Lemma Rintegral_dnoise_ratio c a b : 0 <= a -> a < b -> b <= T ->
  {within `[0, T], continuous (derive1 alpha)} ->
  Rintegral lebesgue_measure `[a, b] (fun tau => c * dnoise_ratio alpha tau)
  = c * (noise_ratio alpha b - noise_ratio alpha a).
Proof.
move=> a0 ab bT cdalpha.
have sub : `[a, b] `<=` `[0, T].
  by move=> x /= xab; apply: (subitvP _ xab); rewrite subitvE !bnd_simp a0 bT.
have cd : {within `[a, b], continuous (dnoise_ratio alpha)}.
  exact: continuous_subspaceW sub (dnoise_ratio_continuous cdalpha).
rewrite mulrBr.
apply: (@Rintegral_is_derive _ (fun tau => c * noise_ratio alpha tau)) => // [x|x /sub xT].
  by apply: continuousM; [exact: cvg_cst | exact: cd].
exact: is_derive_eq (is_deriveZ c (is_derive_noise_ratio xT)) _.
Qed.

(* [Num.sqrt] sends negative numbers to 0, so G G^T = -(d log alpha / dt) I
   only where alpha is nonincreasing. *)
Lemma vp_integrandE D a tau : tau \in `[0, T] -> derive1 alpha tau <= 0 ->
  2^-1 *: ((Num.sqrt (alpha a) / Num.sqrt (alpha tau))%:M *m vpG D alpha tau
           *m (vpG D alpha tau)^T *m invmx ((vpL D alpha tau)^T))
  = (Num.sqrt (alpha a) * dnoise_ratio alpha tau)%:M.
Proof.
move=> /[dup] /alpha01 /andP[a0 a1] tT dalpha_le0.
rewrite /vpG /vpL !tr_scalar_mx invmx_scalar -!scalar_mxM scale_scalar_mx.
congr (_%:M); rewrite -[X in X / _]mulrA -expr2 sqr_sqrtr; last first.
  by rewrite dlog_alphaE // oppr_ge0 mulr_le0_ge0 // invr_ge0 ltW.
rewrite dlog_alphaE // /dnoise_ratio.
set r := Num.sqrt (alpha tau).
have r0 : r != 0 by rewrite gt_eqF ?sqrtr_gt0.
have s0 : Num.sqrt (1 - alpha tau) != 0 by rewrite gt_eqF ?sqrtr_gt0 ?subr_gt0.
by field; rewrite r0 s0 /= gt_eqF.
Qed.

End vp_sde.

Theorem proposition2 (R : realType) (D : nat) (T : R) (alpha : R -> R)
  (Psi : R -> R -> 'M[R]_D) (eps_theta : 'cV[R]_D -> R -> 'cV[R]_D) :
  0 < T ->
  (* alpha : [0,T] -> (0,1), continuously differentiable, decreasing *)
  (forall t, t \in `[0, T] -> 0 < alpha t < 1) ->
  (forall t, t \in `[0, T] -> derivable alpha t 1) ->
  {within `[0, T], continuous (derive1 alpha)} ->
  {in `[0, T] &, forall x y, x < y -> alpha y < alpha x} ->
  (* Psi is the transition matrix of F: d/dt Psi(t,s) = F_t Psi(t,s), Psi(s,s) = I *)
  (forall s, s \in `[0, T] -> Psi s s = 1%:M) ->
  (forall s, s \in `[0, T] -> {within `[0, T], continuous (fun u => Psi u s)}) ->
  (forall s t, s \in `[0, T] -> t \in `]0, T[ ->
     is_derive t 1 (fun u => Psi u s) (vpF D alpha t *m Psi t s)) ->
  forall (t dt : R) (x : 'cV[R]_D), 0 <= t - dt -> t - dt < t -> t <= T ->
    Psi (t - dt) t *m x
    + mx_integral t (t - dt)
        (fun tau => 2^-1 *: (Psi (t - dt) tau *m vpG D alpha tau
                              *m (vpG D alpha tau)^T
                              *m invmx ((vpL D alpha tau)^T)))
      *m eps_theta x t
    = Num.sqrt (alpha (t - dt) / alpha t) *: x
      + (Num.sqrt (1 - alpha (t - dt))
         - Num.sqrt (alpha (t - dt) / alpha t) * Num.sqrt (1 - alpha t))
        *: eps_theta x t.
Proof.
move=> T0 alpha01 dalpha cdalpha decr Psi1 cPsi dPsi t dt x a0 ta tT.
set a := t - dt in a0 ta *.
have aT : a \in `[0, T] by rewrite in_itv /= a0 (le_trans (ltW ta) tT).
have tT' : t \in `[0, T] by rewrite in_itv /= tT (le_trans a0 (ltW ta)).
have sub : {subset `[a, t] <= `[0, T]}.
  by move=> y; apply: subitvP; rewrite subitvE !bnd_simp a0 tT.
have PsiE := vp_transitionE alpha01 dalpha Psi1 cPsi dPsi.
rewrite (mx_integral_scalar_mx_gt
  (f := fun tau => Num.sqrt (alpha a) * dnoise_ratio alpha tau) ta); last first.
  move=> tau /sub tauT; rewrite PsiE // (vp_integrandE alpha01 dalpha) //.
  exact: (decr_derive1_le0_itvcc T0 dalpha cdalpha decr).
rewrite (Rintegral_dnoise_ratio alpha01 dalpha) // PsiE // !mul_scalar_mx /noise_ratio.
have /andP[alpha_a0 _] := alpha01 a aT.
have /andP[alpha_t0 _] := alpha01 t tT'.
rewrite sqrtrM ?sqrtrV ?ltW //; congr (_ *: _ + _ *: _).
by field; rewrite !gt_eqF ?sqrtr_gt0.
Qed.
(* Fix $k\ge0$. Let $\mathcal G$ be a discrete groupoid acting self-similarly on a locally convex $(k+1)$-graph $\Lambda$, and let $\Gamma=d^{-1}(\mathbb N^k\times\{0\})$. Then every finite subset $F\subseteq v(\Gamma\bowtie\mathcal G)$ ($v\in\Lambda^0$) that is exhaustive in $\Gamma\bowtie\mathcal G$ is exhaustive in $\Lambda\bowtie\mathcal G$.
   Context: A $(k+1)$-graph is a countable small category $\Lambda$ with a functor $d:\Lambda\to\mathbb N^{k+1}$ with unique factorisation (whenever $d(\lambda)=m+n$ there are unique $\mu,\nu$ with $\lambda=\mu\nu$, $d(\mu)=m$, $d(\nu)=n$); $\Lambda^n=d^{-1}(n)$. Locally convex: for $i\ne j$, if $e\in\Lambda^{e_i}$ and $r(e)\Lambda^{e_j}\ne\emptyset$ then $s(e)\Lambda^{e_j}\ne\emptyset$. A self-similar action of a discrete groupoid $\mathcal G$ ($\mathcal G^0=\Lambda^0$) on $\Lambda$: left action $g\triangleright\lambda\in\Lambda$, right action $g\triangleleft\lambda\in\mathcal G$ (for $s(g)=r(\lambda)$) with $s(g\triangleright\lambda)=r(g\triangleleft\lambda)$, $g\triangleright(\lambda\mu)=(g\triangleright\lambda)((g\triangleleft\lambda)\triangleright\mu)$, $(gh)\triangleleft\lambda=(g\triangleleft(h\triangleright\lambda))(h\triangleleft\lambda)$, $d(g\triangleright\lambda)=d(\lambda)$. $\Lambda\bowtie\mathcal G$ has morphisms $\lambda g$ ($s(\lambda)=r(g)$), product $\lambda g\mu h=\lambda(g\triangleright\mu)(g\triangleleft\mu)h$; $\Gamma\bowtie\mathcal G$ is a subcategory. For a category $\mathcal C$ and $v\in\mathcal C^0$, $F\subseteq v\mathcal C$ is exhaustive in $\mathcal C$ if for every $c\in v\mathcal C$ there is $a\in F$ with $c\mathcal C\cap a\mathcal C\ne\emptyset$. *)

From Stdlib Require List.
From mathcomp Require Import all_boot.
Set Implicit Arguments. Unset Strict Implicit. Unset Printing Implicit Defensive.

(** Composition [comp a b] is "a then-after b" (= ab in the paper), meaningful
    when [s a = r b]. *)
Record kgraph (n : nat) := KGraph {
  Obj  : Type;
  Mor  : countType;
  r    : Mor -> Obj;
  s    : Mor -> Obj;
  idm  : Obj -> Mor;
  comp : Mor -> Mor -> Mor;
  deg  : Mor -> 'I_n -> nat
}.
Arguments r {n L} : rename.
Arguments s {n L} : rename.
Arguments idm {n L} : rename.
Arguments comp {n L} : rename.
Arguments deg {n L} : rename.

--------------------------------

Exercise details: Would you please copy, word for word, everything above from the line containing "by move=> y;" down to the line containing "(f := fun tau", those two lines included?

Answer box:
  by move=> y; apply: subitvP; rewrite subitvE !bnd_simp a0 tT.
have PsiE := vp_transitionE alpha01 dalpha Psi1 cPsi dPsi.
rewrite (mx_integral_scalar_mx_gt
  (f := fun tau => Num.sqrt (alpha a) * dnoise_ratio alpha tau) ta); last first.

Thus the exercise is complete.